While UCLA may be a year or two away from its next Final Four run, North Carolina has the talent to get there this season thanks to the arrival of Harrison Barnes, the first freshman in history to be named preseason first-team All-American.
The Tar Heels could’ve used a player such as Barnes a year ago, when injuries decimated a team that, for a time, appeared confident and cohesive enough to beat just about any school in the country. North Carolina was 11-3 on New Year’s Day with a victory over Michigan State on its resume. Its only losses were against Top 25 teams Syracuse, Kentucky and Texas.
But then the injury bug bit.
Starters Will Graves and Marcus Ginyard missed time in early January before forward Tyler Zeller went out with a stress fracture that caused him to miss 10 games. With Zeller out the Tar Heels went just 2-8. And they were just 3-5 over the final eight games of the regular season without top overall player Ed Davis.
In all, Williams said eight of his players missed a combined 48 games.
“It sounds like an alibi,” he said. “It sounds like an excuse. But it’s one of the main reasons [we struggled].”
North Carolina’s 17 losses were the most of Williams’ career. Even though the chemistry wasn’t what it needed to be, Williams said he’s finished second-guessing himself about how he handled his team.
“If I had to do it over again, I would do almost everything exactly like we did,” he said. “I was not displeased with what we attempted to do. I just didn’t get our guys to do it well enough.”
Williams is hopeful that will change this season. Davis left after his sophomore year for the NBA. Ginyard graduated, Graves was kicked off the team and Travis and David Wear transferred to UCLA. Still, even with all of the departures, the 2010-11 Tar Heels will be much more talented than the previous outfit.

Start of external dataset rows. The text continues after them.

(* Let $C$ be a field of characteristic zero, $L\in C[x][\partial]$ of order $r_L$, and $P\in C[x,y]$ with $\deg_yP=r_P$, square-free in $C(x)[y]$ and without non-constant divisors in $\bar C[y]$. Let $f_1,\dots,f_{r_L}$ be $C$-linearly independent solutions of $L$, $g_1,\dots,g_{r_P}$ distinct solutions of $P$, $V$ the $C$-span of all $f_i\circ g_j$, and $r=\dim_CV$. Let $A(x,y)\in C[x,y]^{(r+1)\times r_L}$ be a matrix such that $f\in V$ if and only if $(f,f',\dots,f^{(r)})^T$ lies in the column space of $\begin{pmatrix}A(x,g_1)&\cdots&A(x,g_{r_P})\end{pmatrix}$. Then there exists a matrix $B(y)\in C[y]^{(r_Lr_P-r)\times r_L}$ whose entries have degree at most $r_P-1$ such that the $(r_Lr_P+1)\times r_Lr_P$ matrix \[ \begin{pmatrix}A(x,g_1)&\cdots&A(x,g_{r_P})\\ B(g_1)&\cdots&B(g_{r_P})\end{pmatrix} \] has rank $r_Lr_P$.
   Context: All functions $g_j$, $f_i\circ g_j$ and $f$ are regarded as elements of a common differential field $K\supseteq C(x)$ (derivation extending $d/dx$) whose field of constants is $C$; e.g. for $C=\mathbb C$, meromorphic functions on a connected open set where they are all analytic. Column spaces and ranks are taken over $K$. A solution $g$ of $P$ satisfies $P(x,g(x))=0$; a solution $f$ of $L$ satisfies $L(f)=0$. *)

From HB Require Import structures.
From mathcomp Require Import all_boot all_order all_algebra.
Set Implicit Arguments. Unset Strict Implicit. Unset Printing Implicit Defensive.
Import Order.TTheory GRing.Theory Num.Theory.
Local Open Scope ring_scope.

Definition is_derivation (K : fieldType) (D : K -> K) : Prop :=
  (forall a b, D (a + b) = D a + D b) /\ (forall a b, D (a * b) = D a * b + a * D b).

(* (K, D) is a differential field containing C(x) (C embedded by iota,
   x transcendental over C, D x = 1, so D extends d/dx), whose field of
   constants is exactly (the image of) C. *)
Definition diff_ext_Cx (C K : fieldType) (iota : {rmorphism C -> K}) (D : K -> K)
    (x : K) : Prop :=
  [/\ is_derivation D, D x = 1,
      (forall p : {poly C}, p != 0 -> (map_poly iota p).[x] != 0)
    & (forall k : K, D k = 0 <-> exists c : C, k = iota c)].

Definition evC (C K : fieldType) (iota : {rmorphism C -> K}) (p : {poly C}) (t : K) : K :=
  (map_poly iota p).[t].

(* Evaluation of P(x,y) in C[x][y] (outer variable y) at x := t, y := u. *)
Definition ev2 (C K : fieldType) (iota : {rmorphism C -> K})
    (P : {poly {poly C}}) (t u : K) : K :=
  (map_poly (fun p => evC iota p t) P).[u].

Definition applyL (C K : fieldType) (iota : {rmorphism C -> K}) (D : K -> K)
    (x : K) (L : seq {poly C}) (f : K) : K :=
  \sum_(k < size L) evC iota L`_k x * iter k D f.

Definition C_indep (C K : fieldType) (iota : {rmorphism C -> K}) (n : nat)
    (b : 'I_n -> K) : Prop :=
  forall c : 'I_n -> C, \sum_(k < n) iota (c k) * b k = 0 -> forall k, c k = 0.

Definition in_Cspan (C K : fieldType) (iota : {rmorphism C -> K}) (n : nat)
    (b : 'I_n -> K) (f : K) : Prop :=
  exists c : 'I_n -> C, f = \sum_(k < n) iota (c k) * b k.

Definition dimC_eq (C K : fieldType) (iota : {rmorphism C -> K}) (V : K -> Prop)
    (r : nat) : Prop :=
  exists b : 'I_r -> K,
    C_indep iota b /\ (forall f, V f <-> in_Cspan iota b f).

Definition wvec (K : fieldType) (D : K -> K) (r : nat) (f : K) : 'cV[K]_r.+1 :=
  \col_(i < r.+1) iter i D f.

(* Horizontal block concatenation ( F 0 | F 1 | ... | F (q-1) ). *)
Definition blockrow (K : Type) (m q n : nat) (F : 'I_q -> 'M[K]_(m, n)) :
    'M[K]_(m, q * n) :=
  \matrix_(a < m, c < q * n) mxvec (\matrix_(j < q, k < n) F j a k) 0 c.

Definition sqfree_Cx_y (C : fieldType) (P : {poly {poly C}}) : Prop :=
  forall Q : {poly {fraction {poly C}}},
    (1 < size Q)%N -> ~~ (Q * Q %| map_poly (@FracField.tofrac _) P).

Definition is_alg_closure (C : fieldType) (E : closedFieldType)
    (iotaE : {rmorphism C -> E}) : Prop :=
  forall e : E, exists p : {poly C}, p != 0 /\ root (map_poly iotaE p) e.

Definition no_y_divisor (C : fieldType) (E : closedFieldType)
    (iotaE : {rmorphism C -> E}) (P : {poly {poly C}}) : Prop :=
  forall Q : {poly E}, (1 < size Q)%N ->
    ~ exists R : {poly {poly E}},
        map_poly (map_poly iotaE) P = map_poly polyC Q * R.

From HB Require Import structures.
From mathcomp Require Import all_boot all_order all_algebra.
Import GRing.Theory.
Local Open Scope ring_scope.

Set Implicit Arguments. Unset Strict Implicit.

(* The Wronskian vectors (h, h', ..., h^(r)) of the elements h of V lie in the
   column space of the A-block.  Since the constants of K are exactly C, a
   C-basis of V has a nonsingular Wronskian, so the A-block has rank at least r.
   The rows y^d e_k (d < r_P, k < r_L) evaluated at the distinct g_1, ..., g_{r_P}
   span K^(r_L r_P) (Vandermonde), so r_L r_P - r of them, padded with zero rows,
   complete the A-block to full rank. *)

Section Wronskian.

Variables (C K : fieldType) (iota : {rmorphism C -> K}) (D : K -> K).
Hypothesis D_derivation : is_derivation D.

Lemma derivation0 : D 0 = 0.
Proof.
have D00 := D_derivation.1 0 0; rewrite addr0 in D00.
by apply: (@addrI _ (D 0)); rewrite -D00 addr0.
Qed.

Lemma derivation1 : D 1 = 0.
Proof.
have D11 := D_derivation.2 1 1; rewrite !mul1r mulr1 in D11.
by apply: (@addrI _ (D 1)); rewrite -D11 addr0.
Qed.

Lemma derivation_sum (I : Type) (s : seq I) (P : pred I) (F : I -> K) :
  D (\sum_(i <- s | P i) F i) = \sum_(i <- s | P i) D (F i).
Proof. exact: (big_morph D D_derivation.1 derivation0). Qed.

Lemma derivation_relation n (a b : 'I_n -> K) k :
    \sum_i a i * iter k D (b i) = 0 -> \sum_i a i * iter k.+1 D (b i) = 0 ->
  \sum_i D (a i) * iter k D (b i) = 0.
Proof.
move=> rel_k rel_Sk; have := congr1 D rel_k.
rewrite derivation_sum derivation0 (eq_bigr _ (fun i _ => D_derivation.2 _ _)).
by rewrite big_split /= rel_Sk addr0.
Qed.

Hypothesis D_const : forall k, D k = 0 -> exists c, k = iota c.

Lemma C_indep_wronskian n (b : 'I_n -> K) : C_indep iota b ->
  forall s (a : 'I_n -> K), (#|[pred i | a i != 0%R]| <= s)%N ->
  (forall k, (k < s)%N -> \sum_i a i * iter k D (b i) = 0) -> forall i, a i = 0.
Proof.
move=> b_indep; elim=> [|s IHs] a supp_a rel_a i.
  rewrite leqn0 in supp_a.
  by have := card0_eq (eqP supp_a) i; rewrite !inE => /negbFE/eqP.
have [/forallP a0|] := boolP [forall i, a i == 0]; first exact/eqP/a0.
rewrite negb_forall => /existsP[i0 a_i0]; exfalso.
(* Normalized so that c i0 = 1, the relations for c differentiate into
   relations for D \o c, whose support misses i0; so c is constant. *)
pose c i := a i / a i0.
have c_i0 : c i0 = 1 by rewrite /c divff.
have rel_c k : (k < s.+1)%N -> \sum_i c i * iter k D (b i) = 0.
  move=> lt_k; rewrite /c; under eq_bigr do rewrite mulrAC.
  by rewrite -mulr_suml rel_a ?mul0r.
have Dc0 : forall i, D (c i) = 0.
  apply: IHs => [|k lt_ks].
    rewrite -ltnS (leq_trans _ supp_a) // proper_card //; apply/properP; split.
      apply/subsetP => j; rewrite !inE; apply: contraNN => /eqP aj0.
      by rewrite /c aj0 mul0r derivation0.
    by exists i0; rewrite !inE ?c_i0 ?derivation1 ?eqxx.
  by apply: derivation_relation; apply: rel_c; [exact: ltnW | ].
have /fin_all_exists[cc c_cc] : forall j, exists c0 : C, c j = iota c0.
  by move=> j; apply: D_const.
have cc0 : cc i0 = 0.
  by apply: b_indep; rewrite -[RHS](rel_c 0%N) //; apply: eq_bigr => j _; rewrite c_cc.
by move: c_i0; rewrite c_cc cc0 rmorph0 => /eqP; rewrite eq_sym oner_eq0.
Qed.

Lemma C_indep_wronskian_row_free n m (b : 'I_n -> K) : C_indep iota b ->
  (n <= m)%N -> row_free (\matrix_(i < n, k < m) iter k D (b i)).
Proof.
move=> b_indep le_nm; set W := \matrix_(i, k) _.
suff W_inj (u : 'rV_n) : u *m W = 0 -> u = 0.
  rewrite -kermx_eq0; apply/eqP/row_matrixP => i; rewrite row0.
  by apply: W_inj; apply/sub_kermxP; exact: row_sub.
move=> uW0; apply/rowP => i; rewrite mxE.
apply: (C_indep_wronskian b_indep (s := n)) => [|k lt_kn].
  by rewrite (leq_trans (max_card _)) ?card_ord.
have := congr1 (fun v : 'rV_m => v 0 (Ordinal (leq_trans lt_kn le_nm))) uW0.
by rewrite !mxE => uWk; rewrite -[RHS]uWk; apply: eq_bigr => j _; rewrite mxE.
Qed.

Lemma dimC_leq_rank (V : K -> Prop) r s q (N : 'M[K]_(s.+1, q)) :
    (r <= s.+1)%N -> dimC_eq iota V r ->
    (forall h, V h -> ((wvec D s h)^T <= N^T)%MS) ->
  (r <= \rank N)%N.
Proof.
move=> le_rs [b [b_indep b_span]] wvec_sub.
set W := \matrix_(i < r, k < s.+1) iter k D (b i).
have W_sub : (W <= N^T)%MS.
  apply/row_subP => i.
  have -> : row i W = (wvec D s (b i))^T by apply/rowP => k; rewrite !mxE.
  apply/wvec_sub/b_span; exists (fun k => (k == i)%:R).
  rewrite (bigD1 i) //= eqxx rmorph1 mul1r big1 ?addr0 // => k /negbTE->.
  by rewrite rmorph0 mul0r.
rewrite -mxrank_tr -(eqP (C_indep_wronskian_row_free b_indep le_rs)).
exact: mxrankS.
Qed.

End Wronskian.

Section RowCompletion.

Variables (K : fieldType) (T : finType) (n : nat) (e : T -> 'rV[K]_n).

Definition optrows m (tau : 'I_m -> option T) : 'M[K]_(m, n) :=
  \matrix_(a, c) oapp (fun t => e t 0 c) 0 (tau a).

Lemma row_optrows m (tau : 'I_m -> option T) a :
  row a (optrows tau) = oapp e 0 (tau a).
Proof. by apply/rowP => c; rewrite !mxE; case: (tau a) => [t|]; rewrite ?mxE. Qed.

Hypothesis e_span : forall p (U : 'M[K]_(p, n)), (forall t, (e t <= U)%MS) -> row_full U.

Lemma row_full_col_mxl p q (U : 'M[K]_(p, n)) (W : 'M[K]_(q, n)) :
  row_full U -> row_full (col_mx U W).
Proof. by rewrite -!sub1mx => /submx_trans->; rewrite // -addsmxE addsmxSl. Qed.

Lemma optrows_completion m p (U : 'M[K]_(p, n)) : (n <= \rank U + m)%N ->
  exists tau : 'I_m -> option T, row_full (col_mx U (optrows tau)).
Proof.
elim: m p U => [|m IHm] p U rankU.
  exists (fun _ => None); apply: row_full_col_mxl.
  by rewrite /row_full eqn_leq rank_leq_col -(addn0 (\rank U)).
have [fullU|not_fullU] := boolP (row_full U).
  by exists (fun _ => None); exact: row_full_col_mxl.
have /existsP[t etU] : [exists t, ~~ (e t <= U)%MS].
  by rewrite -negb_forall; apply: contra not_fullU => /forallP; exact: e_span.
have U_lt : (U < col_mx U (e t))%MS.
  by rewrite ltmxE -!addsmxE addsmxSl addsmx_sub submx_refl.
have [tau' full'] : exists tau' : 'I_m -> option T,
    row_full (col_mx (col_mx U (e t)) (optrows tau')).
  apply: IHm; rewrite (leq_trans rankU) // addnS -addSn leq_add2r.
  by move: U_lt; rewrite ltmxErank => /andP[].
exists (fun a => if unlift ord0 a is Some j then tau' j else Some t).
set S := optrows _; have S_sub : (S <= col_mx U S)%MS by rewrite -addsmxE addsmxSr.
move: full'; rewrite -!sub1mx => /submx_trans->//; rewrite !col_mx_sub.
apply/andP; split; [apply/andP; split|]; first by rewrite -addsmxE addsmxSl.
  have -> : e t = row ord0 S by rewrite row_optrows unlift_none.
  exact: submx_trans (row_sub _ _) S_sub.
apply/row_subP => j; apply: submx_trans S_sub.
have -> : row j (optrows tau') = row (lift ord0 j) S by rewrite !row_optrows liftK.
exact: row_sub.
Qed.

End RowCompletion.

Section MonomialBlocks.

Variables (K : fieldType) (q n : nat) (g : 'I_q -> K).
Hypothesis g_inj : injective g.

Lemma powers_unitmx : \matrix_(d < q, j < q) g j ^+ d \in unitmx.
Proof.
have -> : \matrix_(d < q, j < q) g j ^+ d = Vandermonde q (\row_j g j).
  by apply/matrixP => d j; rewrite !mxE.
rewrite unitmxE det_Vandermonde unitfE; apply/prodf_neq0 => i _.
apply/prodf_neq0 => j lt_ij; rewrite !mxE subr_eq0; apply: contraTneq lt_ij.
by move/g_inj->; rewrite ltnn.
Qed.

Definition monomial_block (t : 'I_n * 'I_q) : 'M[K]_(q, n) :=
  \matrix_(j, k) (if k == t.1 then g j ^+ t.2 else 0).

Lemma monomial_blocks_span p (U : 'M[K]_(p, q * n)) :
  (forall t, (mxvec (monomial_block t) <= U)%MS) -> row_full U.
Proof.
move=> blocks_sub; rewrite -sub1mx; apply/row_subP => c; rewrite row1.
case/mxvec_indexP: c => j k; rewrite -mxvec_delta.
pose W := invmx (\matrix_(d < q, j < q) g j ^+ d).
have -> : delta_mx j k = \sum_(d < q) W j d *: monomial_block (k, d).
  apply/matrixP => j' k'; rewrite summxE !mxE.
  under eq_bigr do rewrite !mxE /=.
  have [_|ne_k'k] := eqVneq k' k; last by rewrite andbF big1 // => d _; rewrite mulr0.
  have := congr1 (fun M : 'M[K]_q => M j j') (mulVmx powers_unitmx).
  by rewrite !mxE andbT eq_sym => <-; apply: eq_bigr => d _; rewrite !mxE.
rewrite linear_sum; apply: summx_sub => d _.
by rewrite linearZ scalemx_sub ?blocks_sub.
Qed.

End MonomialBlocks.

Section MonomialRows.

Variables (C K : fieldType) (iota : {rmorphism C -> K}) (rL rP m : nat).

Definition monomial_rows (tau : 'I_m -> option ('I_rL * 'I_rP)) : 'M[{poly C}]_(m, rL) :=
  \matrix_(a, k)
    oapp (fun t : 'I_rL * 'I_rP => if k == t.1 then 'X^(t.2) else 0) 0 (tau a).

Lemma size_monomial_rows tau a k : (size (monomial_rows tau a k) <= rP)%N.
Proof.
rewrite mxE; case: (tau a) => [[k0 d]|] /=; last by rewrite size_poly0.
by case: ifP; rewrite ?size_polyXn ?size_poly0.
Qed.

Lemma blockrow_eval_monomial_rows (g : 'I_rP -> K) tau :
  blockrow (fun j => map_mx (fun p => evC iota p (g j)) (monomial_rows tau)) =
  optrows (fun t => mxvec (monomial_block g t)) tau.
Proof.
apply/matrixP => a c; rewrite !mxE; case/mxvec_indexP: c => j k.
rewrite !mxvecE !mxE /evC; case: (tau a) => [t|] /=; last by rewrite map_poly0 horner0.
rewrite mxvecE mxE; case: ifP => _; first by rewrite map_polyXn hornerXn.
by rewrite map_poly0 horner0.
Qed.

End MonomialRows.

Theorem lemma6
  (C : fieldType) (Cchar0 : [pchar C] =i pred0)
  (K : fieldType) (iota : {rmorphism C -> K}) (D : K -> K) (x : K)
  (HK : diff_ext_Cx iota D x)
  (* L in C[x][d] of order rL *)
  (rL : nat) (L : seq {poly C}) (HLsize : size L = rL.+1) (HLlead : L`_rL != 0)
  (* P in C[x][y] of y-degree rP *)
  (rP : nat) (P : {poly {poly C}}) (HPsize : size P = rP.+1)
  (HPsqf : sqfree_Cx_y P)
  (E : closedFieldType) (iotaE : {rmorphism C -> E})
  (HE : is_alg_closure iotaE) (HPnody : no_y_divisor iotaE P)
  (* f_1..f_rL : C-linearly independent solutions of L *)
  (f : 'I_rL -> K) (Hfsol : forall i, applyL iota D x L (f i) = 0)
  (Hfind : C_indep iota f)
  (* g_1..g_rP : distinct solutions of P *)
  (g : 'I_rP -> K) (Hgsol : forall j, ev2 iota P x (g j) = 0)
  (Hginj : injective g)
  (* fg i j k represents f_i^(k) o g_j; fg i j 0 = f_i o g_j *)
  (fg : 'I_rL -> 'I_rP -> nat -> K)
  (Hchain : forall i j k, D (fg i j k) = fg i j k.+1 * D (g j))
  (HLcomp : forall i j, \sum_(k < size L) evC iota L`_k (g j) * fg i j k = 0)
  (* V = C-span of all f_i o g_j, r = dim_C V *)
  (r : nat)
  (Hr : dimC_eq iota
          (fun h => exists c : 'I_rL -> 'I_rP -> C,
              h = \sum_(i < rL) \sum_(j < rP) iota (c i j) * fg i j 0) r)
  (A : 'M[{poly {poly C}}]_(r.+1, rL))
  (HA : forall h : K,
      (exists c : 'I_rL -> 'I_rP -> C,
          h = \sum_(i < rL) \sum_(j < rP) iota (c i j) * fg i j 0)
      <-> ((wvec D r h)^T <=
           (blockrow (fun j : 'I_rP => map_mx (fun p => ev2 iota p x (g j)) A))^T)%MS) :
  exists B : 'M[{poly C}]_(rL * rP - r, rL),
    (forall a b, (size (B a b) <= rP)%N) /\
    \rank (col_mx
             (blockrow (fun j : 'I_rP => map_mx (fun p => ev2 iota p x (g j)) A))
             (blockrow (fun j : 'I_rP => map_mx (fun p => evC iota p (g j)) B)))
      = (rL * rP)%N.
Proof.
case: HK => D_derivation _ _ D_const.
set M := blockrow _.
have rankM : (r <= \rank M)%N.
  by apply: (dimC_leq_rank D_derivation _ (leqnSn r) Hr) => [k /D_const | h /(HA h).1].
have rank_gap : (rP * rL <= \rank M + (rL * rP - r))%N.
  by rewrite [X in (X <= _)%N]mulnC addnC -leq_subLR (leq_trans _ rankM) // leq_subCl.
have [tau M_tau_full] := optrows_completion (monomial_blocks_span Hginj) rank_gap.
exists (monomial_rows C tau); split; first exact: size_monomial_rows.
by rewrite blockrow_eval_monomial_rows (eqP M_tau_full) mulnC.
Qed.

Much of that is because of the arrival of Barnes, a wing from Ames, Iowa who has left Williams awestruck during the first month of practice. Williams said last month that Barnes prepares harder and has even more intensity than former North Carolina standout Tyler Hansbrough. The example he sets has had an effect on the entire locker room.
“I’ve never been around a freshman that has this kind of intensity at this stage of his freshman year,” Williams said. “All three of the freshmen are mature. They’ve got a different feel about them than most freshmen do.”
Along with Barnes, Williams was referring to shooting guard Reggie Bullock and point guard Kendall Marshall. Bullock is an athletic scorer who will give the Tar Heels the 3-point threat they sorely lacked last season. Marshall will battle Larry Drew and Dexter Strickland for minutes at point guard.
Williams said the freshmen – along with the rest of North Carolina’s players – responded well to a rigorous offseason.
“I pushed them a lot harder,” Williams said. “Our conditioning was not very pleasant. A couple of guys said. ‘Oh, you’re going old school.’ A few guys said it was the hardest thing they’ve ever done.”
If North Carolina has one weakness it may be in the frontcourt. Zeller will be one of the top players in the league and John Henson is poised for a breakthrough season after coming on late as a freshman. But other than Alabama transfer Justin Knox, the Tar Heels lack depth because of the decision of the Wear twins to transfer.
Still, Williams is hoping his team’s ability to put the ball in the basket will make up for its deficiencies down low.
“Coaches love to talk about diving on the floor and drawing charges,” Williams said. “But that thing that hangs from the ceiling … is a scoreboard. And last year we couldn’t score. I think we’ll be able to score a lot more easily this year.”
It may not be enough to stop No. 1-ranked Duke, but hopefully the improved offense and renewed enthusiasm will be enough to erase the bitter memories that continue to linger from last season.
“I’m hopeful it made the players as hungry as it made me,” Williams said. “I’m hopeful it gave them the strength and stamina in the offseason to do more than they would have done I the past.
“I did not enjoy the offseason, and I hope they felt the same way about it.”